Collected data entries
══════════════════════════════

(* Let $(X_j,d_j,\tau_j)$, $j\in\mathbb N$, be a sequence of compact timed-metric-spaces such that: (i) (equibounded) there is $D>0$ with $\operatorname{diam}_{d_j}(X_j)\le D$ for all $j$; (ii) (equicompact) for every $R\in(0,D]$ there is $N(R)\in\mathbb N$ such that for every $j$ there are points $x^j_{R,1},\dots,x^j_{R,N(R)}\in X_j$ with $X_j\subset\bigcup_{i=1}^{N(R)}B_{d_j}(x^j_{R,i},R)$; (iii) there is $\tau_{max}>0$ with $\tau_j(X_j)\subset[0,\tau_{max}]$ for all $j$. Then a subsequence (still denoted $(X_j,d_j,\tau_j)$) converges in the intrinsic timed Hausdorff sense to a compact timed-metric-space $(\bar X_\infty,d_\infty,\tau_\infty)$, i.e. $d^\kappa_{\tau-H}\big((X_j,d_j,\tau_j),(\bar X_\infty,d_\infty,\tau_\infty)\big)\to0$. In fact, there exist a compact set $Z\subset\ell^\infty$ and timed-Fréchet maps (which are distance and time preserving) $$\varphi_j:X_j\to[0,\tau_{max}]\times Z\subset\ell^\infty\ (j\in\mathbb N),\qquad \varphi_\infty:\bar X_\infty\to[0,\tau_{max}]\times Z\subset\ell^\infty,$$ such that $$d_H^{[0,\tau_{max}]\times Z}\big(\varphi_j(X_j),\varphi_\infty(\bar X_\infty)\big)\to0 .$$ In addition there exist an uncountable index set $\mathcal A$ (of ''addresses'') and surjective maps $\mathcal I^j:\mathcal A\to X_j$ ($j\in\mathbb N$) and $\mathcal I^\infty:\mathcal A\to\bar X_\infty$ such that, as $j\to\infty$, $$\sup_{\alpha\in\mathcal A}\big\|\varphi_j(\mathcal I^j(\alpha))-\varphi_\infty(\mathcal I^\infty(\alpha))\big\|_{\infty}\to0 .$$ In particular $$\sup_{\alpha\in\mathcal A}\big|\tau_j(\mathcal I^j(\alpha))-\tau_\infty(\mathcal I^\infty(\alpha))\big|\to0 \quad\text{and}\quad \sup_{\alpha,\alpha'\in\mathcal A}\big|d_j(\mathcal I^j(\alpha),\mathcal I^j(\alpha'))-d_\infty(\mathcal I^\infty(\alpha),\mathcal I^\infty(\alpha'))\big|\to0 .$$
   Context: $\ell^\infty$ is the Banach space of bounded real sequences $(s_0,s_1,s_2,\dots)$ with $d_{\ell^\infty}(s,r)=\|s-r\|_\infty=\sup_i|s_i-r_i|$. For subsets $U,W$ of a metric space $(Z',d_{Z'})$, the Hausdorff distance is $d_H^{Z'}(U,W)=\inf\{r>0:\forall u\in U\,\exists w\in W,\ d_{Z'}(u,w)<r,\ \text{and}\ \forall w\in W\,\exists u\in U,\ d_{Z'}(u,w)<r\}$. A timed-metric-space $(X,d,\tau)$ is a metric space $(X,d)$ together with a function $\tau:X\to[0,\infty)$ that is Lipschitz with constant $1$. Given a compact timed-metric-space $(X,d,\tau)$ with $\tau(X)\subset[0,\tau_{max}]$ and a countable dense sequence of points $\mathcal N=\{x_1,x_2,x_3,\dots\}\subset X$, the timed-Fréchet map is $\kappa_{\tau,X,\mathcal N}:X\to[0,\tau_{max}]\times\ell^\infty\subset\ell^\infty$, $\kappa_{\tau,X,\mathcal N}(x)=(\tau(x),d(x_1,x),d(x_2,x),d(x_3,x),\dots)$; here $[0,\tau_{max}]\times Z$ for $Z\subset\ell^\infty$ denotes the set of sequences $(w_0,z_1,z_2,\dots)$ with $w_0\in[0,\tau_{max}]$ and $(z_1,z_2,\dots)\in Z$. Such maps are distance preserving ($\|\kappa_{\tau,X,\mathcal N}(x)-\kappa_{\tau,X,\mathcal N}(y)\|_\infty=d(x,y)$) and time preserving (the $0$-th coordinate of $\kappa_{\tau,X,\mathcal N}(x)$ is $\tau(x)$). The intrinsic timed Hausdorff distance between compact timed-metric-spaces is $d^\kappa_{\tau-H}\big((X_1,d_1,\tau_1),(X_2,d_2,\tau_2)\big)=\inf d_H^{\ell^\infty}\big(\kappa_{\tau_1,X_1,\mathcal N_1}(X_1),\kappa_{\tau_2,X_2,\mathcal N_2}(X_2)\big)$, the infimum over all countable dense sequences $\mathcal N_i$ in $X_i$ (all choices and orderings); convergence in the intrinsic timed Hausdorff sense means this distance tends to $0$. *)

From Stdlib Require Import Reals List.
Open Scope R_scope.
(* Let $L\in R[x][\partial]$ have order $r>0$, and let $p\in R[x]$ be a primitive polynomial dividing $\mathrm{lc}_\partial(L)$. If there exists a $p$-removing operator for $L$ over $Q_R[x]$, then there exists a $p$-removing operator for $L$ over $R[x]$ of the same order.
   Context: $R$ is a principal ideal domain with quotient field $Q_R$; $\sigma$ is an $R$-automorphism of $R[x]$ with $\sigma(x)=\gamma x+\tau$ ($\gamma$ a unit), $\delta$ an $R$-linear $\sigma$-derivation with $\deg\delta(x)\le1$; $R[x][\partial]$ is the Ore algebra with $\partial p=\sigma(p)\partial+\delta(p)$, contained in $Q_R[x][\partial]\subseteq Q_R(x)[\partial]$. Primitive: coefficients have gcd $1$. For a coefficient ring $D\in\{R[x],Q_R[x]\}$ and $p\in D$ dividing $\mathrm{lc}_\partial(L)$, a $p$-removing operator for $L$ over $D$ of order $k$ is $P\in Q_R(x)[\partial]$ of order $k$ such that $PL\in D[\partial]$ and $\sigma^{-k}(\mathrm{lc}_\partial(PL))=\frac{w}{vp}\mathrm{lc}_\partial(L)$ for some $w,v\in D$ with $\gcd(p,w)=1$ in $D$. *)

From HB Require Import structures.
From mathcomp Require Import all_boot all_order all_algebra fraction.
Set Implicit Arguments. Unset Strict Implicit. Unset Printing Implicit Defensive.
Import Order.TTheory GRing.Theory Num.Theory.
Local Open Scope ring_scope.

Notation ratfunK R := ({fraction {poly {fraction R}}}).

Definition dvd_in (D : comNzRingType) (a b : D) : Prop := exists c : D, b = c * a.

Definition coprime_in (D : comUnitRingType) (a b : D) : Prop :=
  forall d : D, dvd_in d a -> dvd_in d b -> d \is a GRing.unit.

Definition PID (R : idomainType) : Prop :=
  forall I : R -> Prop, I 0 ->
    (forall a b, I a -> I b -> I (a + b)) ->
    (forall c a, I a -> I (c * a)) ->
    exists g : R, forall a, I a <-> dvd_in g a.

Definition primitive (R : idomainType) (p : {poly R}) : Prop :=
  forall d : R, (forall i, dvd_in d p`_i) -> d \is a GRing.unit.

Section Ore.
Variable R : idomainType.
Local Notation QR := {fraction R}.
Local Notation K := (ratfunK R).

Definition fracQ (c : R) : QR := FracField.tofrac c.
Definition embQ (q : {poly QR}) : K := FracField.tofrac q.
Definition embRx (q : {poly R}) : K := embQ (map_poly fracQ q).
Definition embR (c : R) : K := embRx c%:P.
Definition xK : K := embQ 'X.

(* The standing assumptions: sigma is (the extension to Q_R(x) of) the
   R-automorphism of R[x] with sigma(x) = gamma x + tau, gamma a unit,
   sigma_inv its inverse; delta is (the extension to Q_R(x) of) an R-linear
   sigma-derivation with deg delta(x) <= 1. *)
Definition ore_setting (gamma tau : R) (sigma sigma_inv delta : K -> K) : Prop :=
  [/\ gamma \is a GRing.unit,
      [/\ forall a b, sigma (a + b) = sigma a + sigma b,
          forall a b, sigma (a * b) = sigma a * sigma b,
          sigma 1 = 1,
          cancel sigma sigma_inv & cancel sigma_inv sigma],
      (forall c : R, sigma (embR c) = embR c),
      sigma xK = embRx (gamma *: 'X + tau%:P) &
      [/\ forall a b, delta (a + b) = delta a + delta b,
          forall a b, delta (a * b) = sigma a * delta b + delta a * b,
          forall c : R, delta (embR c) = 0
        & exists q : {poly R}, (size q <= 2)%N /\ delta xK = embRx q]].

Variables (sigma sigma_inv delta : K -> K).

(* Operators in Q_R(x)[D] are represented by their coefficient polynomial
   sum_i P`_i D^i (the additive structure of {poly K}); the product is the
   Ore product with D a = sigma(a) D + delta(a). *)
Definition dmul (Q : {poly K}) : {poly K} :=
  map_poly sigma Q * 'X + map_poly delta Q.

Definition omul (P L : {poly K}) : {poly K} :=
  \sum_(i < size P) P`_i *: iter i dmul L.

Definition removing (D : comUnitRingType) (emb : D -> K) (p : D)
    (L P : {poly K}) (k : nat) : Prop :=
  [/\ size P = k.+1,
      exists M : {poly D}, omul P L = map_poly emb M
    & exists w v : D, [/\ v != 0, coprime_in p w &
        iter k sigma_inv (lead_coef (omul P L))
          = emb w / (emb v * emb p) * lead_coef L]].

End Ore.

From HB Require Import structures.
From mathcomp Require Import all_boot all_order all_algebra fraction.
From mathcomp Require Import generic_quotient ring.
Set Implicit Arguments. Unset Strict Implicit. Unset Printing Implicit Defensive.
Import GRing.Theory.
Local Open Scope ring_scope.

(** Multiplying a p-removing operator P over Q_R[x] by a nonzero constant
  c of R that clears the denominators of PL gives an operator over R[x].
  Constants commute with sigma, so the leading-coefficient identity survives
  after clearing the denominators of w and v by constants as well.  The
  coprimality with p descends from Q_R[x] to R[x]: a common divisor of p and
  w in R[x] becomes a unit of Q_R[x], hence is a constant, and a constant
  dividing the primitive p is a unit of R. *)

Lemma fraction_numden (R : idomainType) (x : {fraction R}) :
  exists2 d : R, d != 0 & exists n : R, x = tofrac n / tofrac d.
Proof.
exists (\d_(repr x)); first exact: denom_ratioP.
exists (\n_(repr x)); rewrite -{1}[x]reprK.
have -> : forall a b : {fraction R}, a / b = FracField.mul a (FracField.inv b)
  by [].
rewrite !piE; apply/eqmodP => /=.
rewrite /FracField.equivf /FracField.mulf /FracField.invf.
by rewrite !numden_Ratio ?(oner_neq0, mul1r, mulr1, denom_ratioP) // mulrC.
Qed.

Definition clearable (R : idomainType) (U V : comNzRingType)
    (j : U -> V) (iota : R -> U) (v : V) : Prop :=
  exists2 c : R, c != 0 & exists u : U, j u = j (iota c) * v.

Section ClearDenominators.
Variables (R : idomainType) (U V : comNzRingType).
Variables (j : {rmorphism U -> V}) (iota : {rmorphism R -> U}).

Lemma clearable_poly : (forall v, clearable j iota v) ->
  forall q : {poly V}, clearable (map_poly j) (polyC \o iota) q.
Proof.
move=> clearV; elim/poly_ind => [|q a [c1 c1_neq0 [u1 u1E]]].
  by exists 1; [exact: oner_neq0 | exists 0; rewrite !rmorph0 mulr0].
have [c2 c2_neq0 [u2 u2E]] := clearV a.
exists (c1 * c2); first by rewrite mulf_neq0.
exists ((iota c2)%:P * u1 * 'X + (iota c1 * u2)%:P).
rewrite rmorphD /= !rmorphM /= map_polyX !map_polyC /= u1E u2E.
by rewrite !map_polyC polyCM; ring.
Qed.

End ClearDenominators.

Lemma dvd_in_rmorph (D E : comNzRingType) (f : {rmorphism D -> E}) (a b : D) :
  dvd_in a b -> dvd_in (f a) (f b).
Proof. by case=> c ->; exists (f c); rewrite rmorphM. Qed.

Lemma coprime_in_mulr_unit (D : comUnitRingType) (a b u : D) :
  u \is a GRing.unit -> coprime_in a b -> coprime_in a (u * b).
Proof.
move=> u_unit cop d dvd_da [e de]; apply: (cop _ dvd_da).
by exists (u^-1 * e); rewrite -mulrA -de mulKr.
Qed.

Lemma divf_mull (F : fieldType) (a x y : F) : a != 0 -> a * x / (a * y) = x / y.
Proof. by move=> a_neq0; rewrite invfM mulrACA divff ?mul1r. Qed.

Section FractionEmbeddings.
Variable R : idomainType.
Local Notation QR := {fraction R}.
Local Notation K := (ratfunK R).

HB.instance Definition _ := GRing.RMorphism.copy (@fracQ R) (@FracField.tofrac R).
HB.instance Definition _ := GRing.RMorphism.copy (@embQ R) (@FracField.tofrac _).
HB.instance Definition _ :=
  GRing.RMorphism.copy (@embRx R) (@embQ R \o map_poly (@fracQ R)).

Lemma fracQ_inj : injective (@fracQ R).
Proof. by move=> x y /eqP; rewrite tofrac_eq => /eqP. Qed.

Lemma embRx_eq0 (q : {poly R}) : (embRx q == 0) = (q == 0).
Proof.
by rewrite /embRx /embQ tofrac_eq0 -!size_poly_eq0 size_map_inj_poly ?rmorph0 //;
  apply: fracQ_inj.
Qed.

Lemma embR_neq0 (c : R) : c != 0 -> embR c != 0.
Proof. by rewrite /embR embRx_eq0 polyC_eq0. Qed.

Lemma embR_embQ (c : R) : embR c = embQ (fracQ c)%:P.
Proof. by rewrite /embR /embRx map_polyC. Qed.

Lemma clearable_fraction (x : QR) : clearable (@fracQ R) idfun x.
Proof.
have [d d_neq0 [n ->]] := fraction_numden x.
by exists d => //; exists n; rewrite mulrC mulfVK // tofrac_eq0.
Qed.

Lemma clear_denom_poly (q : {poly QR}) : exists2 c : R, c != 0 &
  exists q' : {poly R}, map_poly (@fracQ R) q' = (fracQ c)%:P * q.
Proof.
have [c c_neq0 [q' q'E]] := clearable_poly clearable_fraction q.
by exists c => //; exists q'; rewrite q'E map_polyC.
Qed.

Lemma clear_denom_poly2 (M : {poly {poly QR}}) : exists2 c : R, c != 0 &
  exists M' : {poly {poly R}},
    map_poly (map_poly (@fracQ R)) M' = (fracQ c)%:P%:P * M.
Proof.
have [c c_neq0 [M' M'E]] :=
  clearable_poly (clearable_poly clearable_fraction) M.
by exists c => //; exists M'; rewrite M'E /= map_polyC /= map_polyC.
Qed.

Lemma embRx_clear_denom (c : R) (q' : {poly R}) (q : {poly QR}) :
  map_poly (@fracQ R) q' = (fracQ c)%:P * q -> embRx q' = embR c * embQ q.
Proof. by move=> q'E; rewrite embR_embQ /embRx q'E rmorphM. Qed.

Lemma map_embRx_clear_denom (c : R) (M' : {poly {poly R}})
    (M : {poly {poly QR}}) :
  map_poly (map_poly (@fracQ R)) M' = (fracQ c)%:P%:P * M ->
  map_poly (@embRx R) M' = embR c *: map_poly (@embQ R) M.
Proof.
move=> M'E.
rewrite -[@embRx R]/(@embQ R \o map_poly (@fracQ R)) map_poly_comp M'E.
by rewrite embR_embQ rmorphM /= map_polyC mul_polyC.
Qed.

Lemma embRx_clear_denom_div (a b : R) (w' v' : {poly R}) (w v : {poly QR})
    (z : K) :
  a != 0 -> b != 0 ->
  map_poly (@fracQ R) w' = (fracQ a)%:P * w ->
  map_poly (@fracQ R) v' = (fracQ b)%:P * v ->
  embRx (b%:P * w') / (embRx (a%:P * v') * z) = embQ w / (embQ v * z).
Proof.
move=> a_neq0 b_neq0 w'E v'E.
rewrite !rmorphM /= (embRx_clear_denom w'E) (embRx_clear_denom v'E).
rewrite -[embRx a%:P]/(embR a) -[embRx b%:P]/(embR b).
rewrite -[_ * _ * z]mulrA -[embR b * _ * z]mulrA [embR b * _]mulrCA.
by rewrite !divf_mull ?embR_neq0.
Qed.

Lemma coprime_in_frac_primitive (p w : {poly R}) : primitive p ->
  coprime_in (map_poly (@fracQ R) p) (map_poly (@fracQ R) w) -> coprime_in p w.
Proof.
move=> prim_p cop d dvd_dp dvd_dw.
have: map_poly (@fracQ R) d \is a GRing.unit.
  by apply: cop; apply: dvd_in_rmorph.
rewrite !poly_unitE size_map_inj_poly ?rmorph0 //; last exact: fracQ_inj.
case/andP=> /eqP size_d _; rewrite size_d eqxx /=.
apply: prim_p => i; have [e ->] := dvd_dp; exists e`_i.
by rewrite {1}[d]size1_polyC ?size_d // coefMC.
Qed.

End FractionEmbeddings.

Lemma omulZ (R : idomainType) (sigma delta : ratfunK R -> ratfunK R)
    (a : ratfunK R) (P L : {poly ratfunK R}) :
  omul sigma delta (a *: P) L = a *: omul sigma delta P L.
Proof.
have [->|a_neq0] := eqVneq a 0.
  by rewrite !scale0r /omul size_poly0 big_ord0.
rewrite /omul size_scale // scaler_sumr; apply: eq_bigr => i _.
by rewrite coefZ scalerA.
Qed.

Lemma ore_iter_sigma_inv_embRM (R : idomainType) (gamma tau : R)
    (sigma sigma_inv delta : ratfunK R -> ratfunK R) :
  ore_setting gamma tau sigma sigma_inv delta ->
  forall k c x, iter k sigma_inv (embR c * x) = embR c * iter k sigma_inv x.
Proof.
case=> _ [_ sigmaM _ sigmaK sigma_invK] sigmaC _ _.
have sigma_invM x y : sigma_inv (x * y) = sigma_inv x * sigma_inv y.
  by rewrite -{1}(sigma_invK x) -{1}(sigma_invK y) -sigmaM sigmaK.
have sigma_invC c : sigma_inv (embR c) = embR c by rewrite -{1}sigmaC sigmaK.
by move=> k c x; elim: k => //= k ->; rewrite sigma_invM sigma_invC.
Qed.

Theorem mainTheorem17 (R : idomainType) (hR : PID R) (gamma tau : R)
    (sigma sigma_inv delta : ratfunK R -> ratfunK R)
    (hore : ore_setting gamma tau sigma sigma_inv delta)
    (L : {poly {poly R}}) (hL : (1 < size L)%N)
    (p : {poly R}) (hp : primitive p) (hpL : dvd_in p (lead_coef L))
    (k : nat) :
  (exists P : {poly ratfunK R},
      removing sigma sigma_inv delta (@embQ R) (map_poly (@fracQ R) p)
        (map_poly (@embRx R) L) P k) ->
  exists P : {poly ratfunK R},
      removing sigma sigma_inv delta (@embRx R) p
        (map_poly (@embRx R) L) P k.
Proof.
move=> [P [sizeP [M PL_M] [w [v [v_neq0 cop_pw lcPL]]]]].
have [c c_neq0 [M' M'E]] := clear_denom_poly2 M.
have [a a_neq0 [w' w'E]] := clear_denom_poly w.
have [b b_neq0 [v' v'E]] := clear_denom_poly v.
exists (embR c *: P); split.
- by rewrite size_scale ?embR_neq0.
- by exists M'; rewrite omulZ PL_M (map_embRx_clear_denom M'E).
exists (c%:P * (b%:P * w')), (a%:P * v'); split.
- rewrite mulf_neq0 ?polyC_eq0 // -embRx_eq0 (embRx_clear_denom v'E).
  by rewrite mulf_neq0 ?embR_neq0 // /embQ tofrac_eq0.
- apply: coprime_in_frac_primitive => //.
  rewrite !rmorphM /= !map_polyC w'E !mulrA -!polyCM.
  apply: coprime_in_mulr_unit => //; apply: rmorph_unit.
  by rewrite unitfE !mulf_neq0 // /fracQ tofrac_eq0.
rewrite omulZ lead_coefZ (ore_iter_sigma_inv_embRM hore) lcPL.
rewrite -(embRx_clear_denom_div _ a_neq0 b_neq0 w'E v'E).
by rewrite [embRx (c%:P * _)]rmorphM !mulrA.
Qed.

══════════════════════════════

* YOUR GOAL *
The stretch of entries above that starts with the line containing "apply: prim_p =>" and goes on through the line containing "have [->|a_neq0] := eqVneq a 0." is to be transcribed exactly, and no other line is to be transcribed.

* WRITTEN RESPONSE *
apply: prim_p => i; have [e ->] := dvd_dp; exists e`_i.
by rewrite {1}[d]size1_polyC ?size_d // coefMC.
Qed.

End FractionEmbeddings.

Lemma omulZ (R : idomainType) (sigma delta : ratfunK R -> ratfunK R)
    (a : ratfunK R) (P L : {poly ratfunK R}) :
  omul sigma delta (a *: P) L = a *: omul sigma delta P L.
Proof.
have [->|a_neq0] := eqVneq a 0.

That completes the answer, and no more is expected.